• Saved entries:

☆ ☆ ☆ ☆ ☆

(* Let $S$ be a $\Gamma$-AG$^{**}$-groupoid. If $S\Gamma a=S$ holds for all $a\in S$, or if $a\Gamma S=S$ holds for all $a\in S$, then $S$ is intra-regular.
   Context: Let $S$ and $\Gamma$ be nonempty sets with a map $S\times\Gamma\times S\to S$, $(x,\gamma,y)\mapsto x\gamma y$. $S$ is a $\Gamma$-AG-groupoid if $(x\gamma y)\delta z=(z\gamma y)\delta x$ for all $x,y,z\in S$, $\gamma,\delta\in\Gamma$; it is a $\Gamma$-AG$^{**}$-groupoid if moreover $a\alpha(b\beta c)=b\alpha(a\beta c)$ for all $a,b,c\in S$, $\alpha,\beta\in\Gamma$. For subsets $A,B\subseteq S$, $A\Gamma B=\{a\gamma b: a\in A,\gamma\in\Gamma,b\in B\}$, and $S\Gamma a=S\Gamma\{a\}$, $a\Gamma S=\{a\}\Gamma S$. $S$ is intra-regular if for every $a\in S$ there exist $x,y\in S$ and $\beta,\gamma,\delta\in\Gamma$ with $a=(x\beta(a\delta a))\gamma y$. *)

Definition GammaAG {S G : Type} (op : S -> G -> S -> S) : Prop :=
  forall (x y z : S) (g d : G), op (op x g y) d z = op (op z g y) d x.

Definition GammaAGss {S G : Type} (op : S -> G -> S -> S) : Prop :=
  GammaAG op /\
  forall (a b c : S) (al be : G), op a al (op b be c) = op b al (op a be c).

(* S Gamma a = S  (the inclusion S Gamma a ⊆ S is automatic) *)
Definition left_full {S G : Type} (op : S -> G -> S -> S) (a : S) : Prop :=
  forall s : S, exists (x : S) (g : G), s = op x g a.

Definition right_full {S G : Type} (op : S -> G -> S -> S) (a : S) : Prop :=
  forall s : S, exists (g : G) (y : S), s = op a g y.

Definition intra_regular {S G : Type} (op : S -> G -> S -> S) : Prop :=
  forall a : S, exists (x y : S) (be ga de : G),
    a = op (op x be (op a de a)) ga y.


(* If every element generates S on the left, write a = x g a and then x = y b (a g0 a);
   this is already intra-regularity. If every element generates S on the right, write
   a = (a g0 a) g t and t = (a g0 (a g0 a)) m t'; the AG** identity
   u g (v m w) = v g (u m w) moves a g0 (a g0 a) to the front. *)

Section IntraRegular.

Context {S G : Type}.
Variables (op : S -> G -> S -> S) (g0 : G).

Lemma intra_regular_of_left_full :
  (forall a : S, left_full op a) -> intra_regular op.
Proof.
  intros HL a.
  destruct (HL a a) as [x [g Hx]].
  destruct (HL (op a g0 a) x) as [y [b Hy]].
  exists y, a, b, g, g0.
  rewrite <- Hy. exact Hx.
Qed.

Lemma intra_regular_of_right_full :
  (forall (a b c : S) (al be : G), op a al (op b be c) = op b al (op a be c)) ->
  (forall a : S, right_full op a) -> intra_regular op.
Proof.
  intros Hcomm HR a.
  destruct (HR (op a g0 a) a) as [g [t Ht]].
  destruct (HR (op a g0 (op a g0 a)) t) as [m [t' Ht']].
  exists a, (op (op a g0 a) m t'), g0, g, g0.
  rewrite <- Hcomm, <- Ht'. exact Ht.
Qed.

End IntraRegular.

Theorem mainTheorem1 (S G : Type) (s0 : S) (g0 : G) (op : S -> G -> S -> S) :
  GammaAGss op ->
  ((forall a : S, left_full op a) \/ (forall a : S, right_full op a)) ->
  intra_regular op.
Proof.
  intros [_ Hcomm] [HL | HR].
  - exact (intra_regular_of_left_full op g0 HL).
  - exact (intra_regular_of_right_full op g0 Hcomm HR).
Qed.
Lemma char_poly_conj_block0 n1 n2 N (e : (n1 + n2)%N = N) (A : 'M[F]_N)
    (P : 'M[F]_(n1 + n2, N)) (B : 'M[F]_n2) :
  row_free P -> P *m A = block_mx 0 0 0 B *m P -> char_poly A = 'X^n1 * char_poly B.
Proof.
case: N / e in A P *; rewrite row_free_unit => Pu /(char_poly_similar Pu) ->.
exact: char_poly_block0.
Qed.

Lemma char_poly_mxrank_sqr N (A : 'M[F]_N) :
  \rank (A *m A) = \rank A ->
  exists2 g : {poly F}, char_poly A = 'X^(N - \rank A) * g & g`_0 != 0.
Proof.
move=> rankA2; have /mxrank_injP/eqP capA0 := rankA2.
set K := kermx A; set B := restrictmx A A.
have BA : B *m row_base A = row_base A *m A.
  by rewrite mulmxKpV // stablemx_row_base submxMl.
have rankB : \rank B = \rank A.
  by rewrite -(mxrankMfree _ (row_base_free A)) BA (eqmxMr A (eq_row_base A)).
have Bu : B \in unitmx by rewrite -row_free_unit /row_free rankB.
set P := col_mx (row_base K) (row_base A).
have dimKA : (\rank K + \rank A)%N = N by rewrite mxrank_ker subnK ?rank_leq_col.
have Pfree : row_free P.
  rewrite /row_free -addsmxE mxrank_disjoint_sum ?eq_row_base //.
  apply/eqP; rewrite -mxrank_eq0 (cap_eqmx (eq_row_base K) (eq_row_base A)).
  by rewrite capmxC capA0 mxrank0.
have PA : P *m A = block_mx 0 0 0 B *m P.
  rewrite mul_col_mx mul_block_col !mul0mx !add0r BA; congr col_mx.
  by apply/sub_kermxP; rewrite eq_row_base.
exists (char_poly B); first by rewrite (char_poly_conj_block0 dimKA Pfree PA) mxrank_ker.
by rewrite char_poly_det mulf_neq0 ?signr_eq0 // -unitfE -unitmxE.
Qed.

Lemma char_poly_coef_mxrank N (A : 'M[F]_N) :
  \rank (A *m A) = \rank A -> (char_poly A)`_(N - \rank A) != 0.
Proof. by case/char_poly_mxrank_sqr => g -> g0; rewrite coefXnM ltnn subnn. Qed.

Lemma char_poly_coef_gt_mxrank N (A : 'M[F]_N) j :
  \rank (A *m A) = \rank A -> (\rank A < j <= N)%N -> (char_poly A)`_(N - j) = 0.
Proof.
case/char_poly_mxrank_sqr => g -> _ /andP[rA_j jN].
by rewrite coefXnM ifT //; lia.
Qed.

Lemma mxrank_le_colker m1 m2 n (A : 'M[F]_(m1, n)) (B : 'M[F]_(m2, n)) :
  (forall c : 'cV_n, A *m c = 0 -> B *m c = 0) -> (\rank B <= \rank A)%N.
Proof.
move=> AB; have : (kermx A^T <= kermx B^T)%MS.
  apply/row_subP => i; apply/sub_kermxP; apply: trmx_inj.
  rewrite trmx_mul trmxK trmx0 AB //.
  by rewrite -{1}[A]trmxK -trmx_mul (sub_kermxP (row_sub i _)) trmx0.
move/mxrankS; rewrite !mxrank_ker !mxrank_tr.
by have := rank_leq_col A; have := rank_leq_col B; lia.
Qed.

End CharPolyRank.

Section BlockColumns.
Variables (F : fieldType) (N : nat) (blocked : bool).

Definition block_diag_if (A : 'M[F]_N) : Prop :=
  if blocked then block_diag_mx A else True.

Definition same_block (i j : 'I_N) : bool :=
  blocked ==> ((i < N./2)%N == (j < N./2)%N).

☆ ☆ ☆ ☆ ☆

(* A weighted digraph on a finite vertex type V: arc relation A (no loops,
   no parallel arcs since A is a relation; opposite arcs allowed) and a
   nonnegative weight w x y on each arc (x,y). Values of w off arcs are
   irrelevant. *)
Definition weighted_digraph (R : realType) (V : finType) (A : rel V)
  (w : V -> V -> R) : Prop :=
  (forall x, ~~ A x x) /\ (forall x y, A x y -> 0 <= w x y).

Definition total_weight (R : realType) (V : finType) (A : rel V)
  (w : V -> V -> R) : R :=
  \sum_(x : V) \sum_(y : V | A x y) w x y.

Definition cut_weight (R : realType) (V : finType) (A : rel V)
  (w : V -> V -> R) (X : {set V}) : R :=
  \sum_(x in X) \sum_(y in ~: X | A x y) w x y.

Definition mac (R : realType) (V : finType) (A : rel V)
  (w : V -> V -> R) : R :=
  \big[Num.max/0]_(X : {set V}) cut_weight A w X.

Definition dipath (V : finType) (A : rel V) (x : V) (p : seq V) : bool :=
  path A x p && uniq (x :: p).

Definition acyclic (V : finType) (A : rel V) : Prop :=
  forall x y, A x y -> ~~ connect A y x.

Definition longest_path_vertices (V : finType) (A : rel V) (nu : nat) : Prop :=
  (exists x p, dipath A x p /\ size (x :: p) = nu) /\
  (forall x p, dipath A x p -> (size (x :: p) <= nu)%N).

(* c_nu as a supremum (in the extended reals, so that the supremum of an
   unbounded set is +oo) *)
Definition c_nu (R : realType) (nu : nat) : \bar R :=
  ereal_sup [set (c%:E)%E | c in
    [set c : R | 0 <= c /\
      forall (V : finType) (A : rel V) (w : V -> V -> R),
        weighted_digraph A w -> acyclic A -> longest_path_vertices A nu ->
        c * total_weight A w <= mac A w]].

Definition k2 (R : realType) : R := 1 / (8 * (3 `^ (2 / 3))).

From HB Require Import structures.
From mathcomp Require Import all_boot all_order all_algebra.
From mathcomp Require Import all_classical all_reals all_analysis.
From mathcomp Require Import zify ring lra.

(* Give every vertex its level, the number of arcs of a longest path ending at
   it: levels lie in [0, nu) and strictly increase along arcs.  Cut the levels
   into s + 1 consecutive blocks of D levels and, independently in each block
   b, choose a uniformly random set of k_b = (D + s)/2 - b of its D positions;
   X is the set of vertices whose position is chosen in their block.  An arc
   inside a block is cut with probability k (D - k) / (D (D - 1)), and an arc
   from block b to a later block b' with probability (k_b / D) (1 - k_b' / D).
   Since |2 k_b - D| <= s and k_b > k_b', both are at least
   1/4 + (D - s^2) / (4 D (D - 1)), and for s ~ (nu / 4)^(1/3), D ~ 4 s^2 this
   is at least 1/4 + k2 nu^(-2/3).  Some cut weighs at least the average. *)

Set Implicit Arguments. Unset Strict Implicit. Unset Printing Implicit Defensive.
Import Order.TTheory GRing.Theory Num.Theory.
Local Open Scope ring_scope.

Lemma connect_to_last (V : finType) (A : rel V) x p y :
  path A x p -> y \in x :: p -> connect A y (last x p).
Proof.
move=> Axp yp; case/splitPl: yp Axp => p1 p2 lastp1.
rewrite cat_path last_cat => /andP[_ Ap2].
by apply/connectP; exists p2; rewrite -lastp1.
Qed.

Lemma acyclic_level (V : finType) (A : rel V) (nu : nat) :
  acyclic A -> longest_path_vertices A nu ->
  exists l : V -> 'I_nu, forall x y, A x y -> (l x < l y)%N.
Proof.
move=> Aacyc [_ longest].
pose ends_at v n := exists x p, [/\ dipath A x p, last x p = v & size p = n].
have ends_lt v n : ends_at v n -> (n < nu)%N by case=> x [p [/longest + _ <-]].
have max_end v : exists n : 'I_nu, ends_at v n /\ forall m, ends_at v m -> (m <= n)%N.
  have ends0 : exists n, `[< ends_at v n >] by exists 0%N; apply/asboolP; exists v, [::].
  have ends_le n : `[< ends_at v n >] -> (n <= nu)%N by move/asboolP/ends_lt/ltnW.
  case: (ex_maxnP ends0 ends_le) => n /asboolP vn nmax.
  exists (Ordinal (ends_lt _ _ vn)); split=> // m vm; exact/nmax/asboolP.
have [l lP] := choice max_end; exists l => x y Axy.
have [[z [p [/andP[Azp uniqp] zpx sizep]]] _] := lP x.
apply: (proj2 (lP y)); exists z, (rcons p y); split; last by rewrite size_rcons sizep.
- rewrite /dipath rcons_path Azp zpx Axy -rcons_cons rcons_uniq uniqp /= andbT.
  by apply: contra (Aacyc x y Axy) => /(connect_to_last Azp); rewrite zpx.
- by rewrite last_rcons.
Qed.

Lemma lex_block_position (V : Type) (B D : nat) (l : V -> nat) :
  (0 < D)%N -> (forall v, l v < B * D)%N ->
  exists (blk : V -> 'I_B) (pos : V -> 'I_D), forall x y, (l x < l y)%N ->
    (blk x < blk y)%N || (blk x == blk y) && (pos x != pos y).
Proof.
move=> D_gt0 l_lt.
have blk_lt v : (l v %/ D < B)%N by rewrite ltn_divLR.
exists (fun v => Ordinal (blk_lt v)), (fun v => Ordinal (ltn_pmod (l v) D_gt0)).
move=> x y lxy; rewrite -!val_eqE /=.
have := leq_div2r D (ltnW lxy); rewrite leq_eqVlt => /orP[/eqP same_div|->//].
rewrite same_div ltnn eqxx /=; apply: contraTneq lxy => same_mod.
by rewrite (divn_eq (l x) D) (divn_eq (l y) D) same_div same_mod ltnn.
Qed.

☆ ☆ ☆ ☆ ☆

• WORK INSTRUCTIONS: Count the lines in the records above that contain the word "exact", and give only that number.

• REPLY: 6